Records drawn from a dataset
^^^^

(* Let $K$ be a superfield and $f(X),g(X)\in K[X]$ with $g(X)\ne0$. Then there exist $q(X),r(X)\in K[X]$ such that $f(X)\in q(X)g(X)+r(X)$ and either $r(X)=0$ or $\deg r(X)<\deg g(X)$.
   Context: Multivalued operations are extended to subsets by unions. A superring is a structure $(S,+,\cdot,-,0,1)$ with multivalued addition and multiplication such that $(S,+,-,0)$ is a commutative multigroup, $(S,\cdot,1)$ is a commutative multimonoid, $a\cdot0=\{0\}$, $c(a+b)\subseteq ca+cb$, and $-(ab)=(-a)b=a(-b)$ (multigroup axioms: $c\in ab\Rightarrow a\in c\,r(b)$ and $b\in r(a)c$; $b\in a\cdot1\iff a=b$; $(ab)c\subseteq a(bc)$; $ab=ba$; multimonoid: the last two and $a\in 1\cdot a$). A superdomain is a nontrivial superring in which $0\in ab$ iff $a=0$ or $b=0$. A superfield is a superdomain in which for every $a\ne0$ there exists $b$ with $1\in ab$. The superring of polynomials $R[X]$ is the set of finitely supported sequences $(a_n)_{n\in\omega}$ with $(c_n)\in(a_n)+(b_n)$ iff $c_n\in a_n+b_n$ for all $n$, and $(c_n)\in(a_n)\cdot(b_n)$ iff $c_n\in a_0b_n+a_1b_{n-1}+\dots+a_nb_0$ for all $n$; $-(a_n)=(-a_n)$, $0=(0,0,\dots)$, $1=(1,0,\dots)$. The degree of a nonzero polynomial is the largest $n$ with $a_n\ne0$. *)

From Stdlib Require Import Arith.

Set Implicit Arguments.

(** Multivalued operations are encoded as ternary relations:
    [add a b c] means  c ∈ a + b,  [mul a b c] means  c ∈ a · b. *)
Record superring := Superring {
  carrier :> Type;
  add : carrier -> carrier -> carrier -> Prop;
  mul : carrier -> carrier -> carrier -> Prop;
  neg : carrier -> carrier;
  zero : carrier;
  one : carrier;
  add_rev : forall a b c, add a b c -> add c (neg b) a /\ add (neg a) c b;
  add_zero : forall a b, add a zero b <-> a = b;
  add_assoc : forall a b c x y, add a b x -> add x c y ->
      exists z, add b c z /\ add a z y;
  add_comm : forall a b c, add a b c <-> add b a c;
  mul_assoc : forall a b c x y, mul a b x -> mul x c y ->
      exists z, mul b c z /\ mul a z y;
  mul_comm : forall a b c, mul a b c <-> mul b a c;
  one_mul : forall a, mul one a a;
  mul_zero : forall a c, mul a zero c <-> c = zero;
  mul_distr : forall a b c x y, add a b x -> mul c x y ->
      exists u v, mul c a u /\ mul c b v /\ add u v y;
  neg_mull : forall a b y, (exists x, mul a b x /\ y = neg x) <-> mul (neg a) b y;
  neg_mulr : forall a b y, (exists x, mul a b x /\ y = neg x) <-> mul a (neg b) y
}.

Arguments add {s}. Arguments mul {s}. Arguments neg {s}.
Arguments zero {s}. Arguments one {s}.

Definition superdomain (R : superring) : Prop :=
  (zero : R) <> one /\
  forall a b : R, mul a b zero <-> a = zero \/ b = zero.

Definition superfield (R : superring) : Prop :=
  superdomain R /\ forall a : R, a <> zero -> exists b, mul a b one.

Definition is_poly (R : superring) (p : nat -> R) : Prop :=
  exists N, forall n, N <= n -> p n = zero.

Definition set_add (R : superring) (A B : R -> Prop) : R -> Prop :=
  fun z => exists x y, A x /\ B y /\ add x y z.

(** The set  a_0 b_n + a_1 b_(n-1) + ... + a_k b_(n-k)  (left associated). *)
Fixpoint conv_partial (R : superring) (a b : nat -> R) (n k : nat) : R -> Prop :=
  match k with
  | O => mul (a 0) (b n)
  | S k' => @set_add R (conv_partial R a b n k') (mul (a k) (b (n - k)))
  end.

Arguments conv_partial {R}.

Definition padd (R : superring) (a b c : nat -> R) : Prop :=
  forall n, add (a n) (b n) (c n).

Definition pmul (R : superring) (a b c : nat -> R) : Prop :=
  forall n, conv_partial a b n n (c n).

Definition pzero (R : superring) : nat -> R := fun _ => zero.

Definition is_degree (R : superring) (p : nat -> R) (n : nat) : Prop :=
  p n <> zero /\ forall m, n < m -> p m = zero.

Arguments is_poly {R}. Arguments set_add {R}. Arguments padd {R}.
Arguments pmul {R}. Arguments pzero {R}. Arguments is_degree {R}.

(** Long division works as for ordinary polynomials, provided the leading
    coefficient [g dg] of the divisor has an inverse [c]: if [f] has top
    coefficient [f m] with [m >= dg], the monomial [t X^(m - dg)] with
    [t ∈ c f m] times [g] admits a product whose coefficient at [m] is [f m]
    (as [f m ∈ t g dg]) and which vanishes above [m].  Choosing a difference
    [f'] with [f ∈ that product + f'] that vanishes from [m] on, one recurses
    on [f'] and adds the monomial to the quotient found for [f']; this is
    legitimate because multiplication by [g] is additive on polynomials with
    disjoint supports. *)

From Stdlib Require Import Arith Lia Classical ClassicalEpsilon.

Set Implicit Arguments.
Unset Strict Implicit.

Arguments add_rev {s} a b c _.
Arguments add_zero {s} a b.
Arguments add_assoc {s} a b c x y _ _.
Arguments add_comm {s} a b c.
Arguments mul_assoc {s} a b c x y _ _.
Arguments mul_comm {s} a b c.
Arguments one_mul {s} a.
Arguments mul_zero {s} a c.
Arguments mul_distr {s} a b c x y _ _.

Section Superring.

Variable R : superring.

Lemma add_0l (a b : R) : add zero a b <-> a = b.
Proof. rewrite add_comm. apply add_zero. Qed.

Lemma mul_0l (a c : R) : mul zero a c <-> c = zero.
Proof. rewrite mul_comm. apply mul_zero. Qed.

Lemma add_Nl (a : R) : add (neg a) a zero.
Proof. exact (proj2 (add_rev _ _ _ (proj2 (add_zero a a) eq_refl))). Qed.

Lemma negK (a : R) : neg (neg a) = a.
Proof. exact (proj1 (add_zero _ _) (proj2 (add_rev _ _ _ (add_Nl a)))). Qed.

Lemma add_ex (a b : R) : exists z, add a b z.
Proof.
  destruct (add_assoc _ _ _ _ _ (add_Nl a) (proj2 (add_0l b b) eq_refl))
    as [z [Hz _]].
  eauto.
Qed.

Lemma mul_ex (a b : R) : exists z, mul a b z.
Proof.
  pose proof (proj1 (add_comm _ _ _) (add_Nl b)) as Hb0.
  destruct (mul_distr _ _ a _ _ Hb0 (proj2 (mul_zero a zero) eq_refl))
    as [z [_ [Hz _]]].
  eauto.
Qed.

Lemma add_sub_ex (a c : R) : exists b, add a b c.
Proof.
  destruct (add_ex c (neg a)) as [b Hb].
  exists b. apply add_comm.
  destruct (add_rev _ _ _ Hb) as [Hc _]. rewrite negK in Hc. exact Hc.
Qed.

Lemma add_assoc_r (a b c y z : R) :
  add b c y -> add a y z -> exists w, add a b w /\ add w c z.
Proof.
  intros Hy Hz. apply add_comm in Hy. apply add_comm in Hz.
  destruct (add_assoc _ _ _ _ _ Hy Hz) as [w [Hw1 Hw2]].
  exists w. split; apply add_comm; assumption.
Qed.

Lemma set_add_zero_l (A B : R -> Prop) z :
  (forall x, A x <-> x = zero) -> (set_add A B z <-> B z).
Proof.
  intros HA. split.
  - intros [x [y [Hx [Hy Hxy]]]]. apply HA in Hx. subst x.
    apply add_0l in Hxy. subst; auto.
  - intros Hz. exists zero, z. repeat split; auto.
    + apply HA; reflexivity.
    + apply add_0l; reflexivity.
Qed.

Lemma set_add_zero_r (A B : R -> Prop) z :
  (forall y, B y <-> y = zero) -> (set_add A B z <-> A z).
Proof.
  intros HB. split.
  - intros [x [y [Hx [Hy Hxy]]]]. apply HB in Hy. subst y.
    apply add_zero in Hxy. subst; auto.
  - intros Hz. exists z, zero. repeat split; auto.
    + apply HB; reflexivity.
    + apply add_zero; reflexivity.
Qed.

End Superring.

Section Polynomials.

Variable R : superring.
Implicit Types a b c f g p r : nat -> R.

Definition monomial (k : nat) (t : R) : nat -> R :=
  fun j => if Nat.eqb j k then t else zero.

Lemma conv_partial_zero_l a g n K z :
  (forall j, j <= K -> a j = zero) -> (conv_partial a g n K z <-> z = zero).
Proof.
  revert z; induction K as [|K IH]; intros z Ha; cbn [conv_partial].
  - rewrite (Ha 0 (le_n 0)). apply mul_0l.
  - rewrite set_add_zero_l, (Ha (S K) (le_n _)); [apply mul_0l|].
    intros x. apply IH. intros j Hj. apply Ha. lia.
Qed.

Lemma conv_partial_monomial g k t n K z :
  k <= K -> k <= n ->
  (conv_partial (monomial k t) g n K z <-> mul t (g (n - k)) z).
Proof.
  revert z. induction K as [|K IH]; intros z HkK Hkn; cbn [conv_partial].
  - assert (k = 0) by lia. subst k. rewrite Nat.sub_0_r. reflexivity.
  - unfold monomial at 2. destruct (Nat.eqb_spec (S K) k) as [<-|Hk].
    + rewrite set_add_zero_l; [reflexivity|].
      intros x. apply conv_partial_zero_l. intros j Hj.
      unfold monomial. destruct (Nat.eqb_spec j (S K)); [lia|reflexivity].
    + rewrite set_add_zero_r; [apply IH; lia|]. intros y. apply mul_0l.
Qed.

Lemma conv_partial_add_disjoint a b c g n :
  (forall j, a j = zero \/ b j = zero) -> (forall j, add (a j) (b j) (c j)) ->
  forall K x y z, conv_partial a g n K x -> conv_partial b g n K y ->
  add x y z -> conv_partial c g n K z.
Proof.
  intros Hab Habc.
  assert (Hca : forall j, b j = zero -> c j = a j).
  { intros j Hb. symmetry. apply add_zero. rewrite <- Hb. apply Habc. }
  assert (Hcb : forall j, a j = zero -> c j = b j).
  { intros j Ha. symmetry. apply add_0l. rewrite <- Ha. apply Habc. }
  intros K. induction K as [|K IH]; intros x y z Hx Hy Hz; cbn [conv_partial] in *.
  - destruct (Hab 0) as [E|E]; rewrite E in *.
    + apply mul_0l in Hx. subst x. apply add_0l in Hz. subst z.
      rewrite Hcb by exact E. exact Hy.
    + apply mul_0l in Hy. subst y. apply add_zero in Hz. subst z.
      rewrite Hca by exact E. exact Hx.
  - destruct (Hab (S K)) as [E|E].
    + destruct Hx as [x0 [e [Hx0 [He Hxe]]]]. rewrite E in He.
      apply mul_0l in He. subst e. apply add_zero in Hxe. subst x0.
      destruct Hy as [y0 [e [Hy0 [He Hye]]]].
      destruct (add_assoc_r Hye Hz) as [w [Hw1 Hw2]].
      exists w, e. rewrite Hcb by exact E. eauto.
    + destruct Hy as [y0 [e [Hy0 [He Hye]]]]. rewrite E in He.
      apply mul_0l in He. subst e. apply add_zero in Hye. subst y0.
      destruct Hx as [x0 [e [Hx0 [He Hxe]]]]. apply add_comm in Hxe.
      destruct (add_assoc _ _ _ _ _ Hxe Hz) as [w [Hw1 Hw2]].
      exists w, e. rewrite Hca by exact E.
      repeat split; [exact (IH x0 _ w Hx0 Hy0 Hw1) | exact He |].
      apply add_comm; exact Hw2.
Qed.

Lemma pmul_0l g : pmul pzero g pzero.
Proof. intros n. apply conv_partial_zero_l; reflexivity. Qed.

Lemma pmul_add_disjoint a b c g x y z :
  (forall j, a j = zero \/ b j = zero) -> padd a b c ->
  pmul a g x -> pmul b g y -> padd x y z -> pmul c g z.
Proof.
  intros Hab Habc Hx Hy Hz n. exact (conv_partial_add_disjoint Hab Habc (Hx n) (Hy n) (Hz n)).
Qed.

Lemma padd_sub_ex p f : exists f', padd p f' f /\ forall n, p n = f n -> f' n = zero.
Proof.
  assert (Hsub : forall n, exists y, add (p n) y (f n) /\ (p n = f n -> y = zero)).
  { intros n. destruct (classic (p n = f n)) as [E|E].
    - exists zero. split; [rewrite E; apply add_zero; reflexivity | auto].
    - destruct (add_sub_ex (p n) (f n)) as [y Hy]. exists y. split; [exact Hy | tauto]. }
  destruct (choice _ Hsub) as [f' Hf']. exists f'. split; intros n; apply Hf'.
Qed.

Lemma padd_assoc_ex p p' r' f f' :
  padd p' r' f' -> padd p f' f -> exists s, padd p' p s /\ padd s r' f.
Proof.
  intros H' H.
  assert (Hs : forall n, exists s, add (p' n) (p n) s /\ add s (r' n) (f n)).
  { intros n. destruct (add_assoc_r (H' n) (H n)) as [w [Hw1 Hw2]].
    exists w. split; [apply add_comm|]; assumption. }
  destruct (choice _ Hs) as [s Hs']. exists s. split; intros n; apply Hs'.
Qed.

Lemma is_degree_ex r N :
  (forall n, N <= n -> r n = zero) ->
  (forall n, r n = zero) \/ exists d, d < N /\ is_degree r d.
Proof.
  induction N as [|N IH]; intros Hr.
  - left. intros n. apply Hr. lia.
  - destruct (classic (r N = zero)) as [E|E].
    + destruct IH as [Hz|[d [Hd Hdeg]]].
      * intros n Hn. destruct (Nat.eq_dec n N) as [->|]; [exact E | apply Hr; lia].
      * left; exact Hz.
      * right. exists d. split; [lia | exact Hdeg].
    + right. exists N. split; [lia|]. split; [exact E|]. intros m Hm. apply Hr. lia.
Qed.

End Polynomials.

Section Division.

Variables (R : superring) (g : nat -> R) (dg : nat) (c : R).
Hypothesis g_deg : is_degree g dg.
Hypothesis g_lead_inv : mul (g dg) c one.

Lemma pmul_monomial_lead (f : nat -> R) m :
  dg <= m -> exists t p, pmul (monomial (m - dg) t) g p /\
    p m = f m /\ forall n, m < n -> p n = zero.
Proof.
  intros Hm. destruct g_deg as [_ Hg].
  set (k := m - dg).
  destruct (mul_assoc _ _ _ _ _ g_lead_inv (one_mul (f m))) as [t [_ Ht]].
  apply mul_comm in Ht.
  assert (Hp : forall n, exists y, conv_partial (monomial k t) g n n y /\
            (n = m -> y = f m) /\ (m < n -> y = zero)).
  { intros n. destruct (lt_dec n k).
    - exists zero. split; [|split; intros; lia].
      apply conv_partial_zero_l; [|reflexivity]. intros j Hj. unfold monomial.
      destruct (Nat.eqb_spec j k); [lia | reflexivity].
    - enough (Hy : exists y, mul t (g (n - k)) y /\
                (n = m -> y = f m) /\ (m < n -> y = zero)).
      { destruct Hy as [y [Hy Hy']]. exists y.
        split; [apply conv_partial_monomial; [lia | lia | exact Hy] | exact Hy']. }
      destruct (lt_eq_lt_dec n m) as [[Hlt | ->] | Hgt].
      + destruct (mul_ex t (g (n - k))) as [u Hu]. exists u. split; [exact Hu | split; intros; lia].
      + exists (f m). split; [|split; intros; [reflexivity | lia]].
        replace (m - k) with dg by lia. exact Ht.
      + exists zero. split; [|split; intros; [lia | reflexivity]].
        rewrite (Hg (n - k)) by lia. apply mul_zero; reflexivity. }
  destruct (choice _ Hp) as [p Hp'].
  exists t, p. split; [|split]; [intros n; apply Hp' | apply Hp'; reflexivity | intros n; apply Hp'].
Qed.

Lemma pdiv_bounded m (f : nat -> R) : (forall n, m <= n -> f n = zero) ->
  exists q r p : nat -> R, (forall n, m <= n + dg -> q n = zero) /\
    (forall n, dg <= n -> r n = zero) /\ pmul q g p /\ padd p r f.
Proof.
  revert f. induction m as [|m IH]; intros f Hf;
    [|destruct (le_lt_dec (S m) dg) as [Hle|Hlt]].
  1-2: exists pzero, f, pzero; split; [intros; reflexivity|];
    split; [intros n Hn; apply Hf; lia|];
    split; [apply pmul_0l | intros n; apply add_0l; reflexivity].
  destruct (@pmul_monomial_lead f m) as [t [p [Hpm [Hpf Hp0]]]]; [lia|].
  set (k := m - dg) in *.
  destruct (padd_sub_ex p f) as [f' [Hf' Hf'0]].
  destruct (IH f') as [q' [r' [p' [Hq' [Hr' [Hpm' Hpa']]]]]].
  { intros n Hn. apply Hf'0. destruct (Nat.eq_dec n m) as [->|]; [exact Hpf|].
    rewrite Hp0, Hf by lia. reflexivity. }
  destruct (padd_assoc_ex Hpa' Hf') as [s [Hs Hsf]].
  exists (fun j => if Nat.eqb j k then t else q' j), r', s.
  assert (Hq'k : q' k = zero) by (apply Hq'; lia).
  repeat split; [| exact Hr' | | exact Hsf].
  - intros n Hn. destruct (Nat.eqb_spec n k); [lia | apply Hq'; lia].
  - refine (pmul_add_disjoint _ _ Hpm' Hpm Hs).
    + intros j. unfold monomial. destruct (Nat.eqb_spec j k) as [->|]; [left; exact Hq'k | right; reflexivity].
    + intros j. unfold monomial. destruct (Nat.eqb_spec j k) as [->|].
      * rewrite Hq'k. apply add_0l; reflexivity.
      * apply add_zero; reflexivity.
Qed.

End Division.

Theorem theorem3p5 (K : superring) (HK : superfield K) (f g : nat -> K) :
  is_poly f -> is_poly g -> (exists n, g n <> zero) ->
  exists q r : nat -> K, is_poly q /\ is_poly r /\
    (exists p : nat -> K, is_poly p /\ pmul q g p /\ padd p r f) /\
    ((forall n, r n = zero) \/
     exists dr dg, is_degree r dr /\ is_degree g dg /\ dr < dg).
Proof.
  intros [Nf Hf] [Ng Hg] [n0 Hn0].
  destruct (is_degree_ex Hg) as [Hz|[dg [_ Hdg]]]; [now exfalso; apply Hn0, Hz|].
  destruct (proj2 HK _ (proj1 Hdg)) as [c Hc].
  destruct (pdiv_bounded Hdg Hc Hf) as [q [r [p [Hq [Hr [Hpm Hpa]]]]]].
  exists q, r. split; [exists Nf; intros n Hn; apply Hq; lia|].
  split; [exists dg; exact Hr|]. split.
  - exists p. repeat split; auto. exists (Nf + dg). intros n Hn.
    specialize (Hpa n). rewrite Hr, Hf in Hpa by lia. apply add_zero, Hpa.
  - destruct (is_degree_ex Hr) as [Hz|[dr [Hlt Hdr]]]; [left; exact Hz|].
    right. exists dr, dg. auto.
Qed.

^^^^

-- Assignment --
From the data above, output exactly the lines between the one containing "(conv_partial (monomial k" and the one containing "rewrite set_add_zero_l; [reflexivity|].", counting both of them.

-- Answer area --
  (conv_partial (monomial k t) g n K z <-> mul t (g (n - k)) z).
Proof.
  revert z. induction K as [|K IH]; intros z HkK Hkn; cbn [conv_partial].
  - assert (k = 0) by lia. subst k. rewrite Nat.sub_0_r. reflexivity.
  - unfold monomial at 2. destruct (Nat.eqb_spec (S K) k) as [<-|Hk].
    + rewrite set_add_zero_l; [reflexivity|].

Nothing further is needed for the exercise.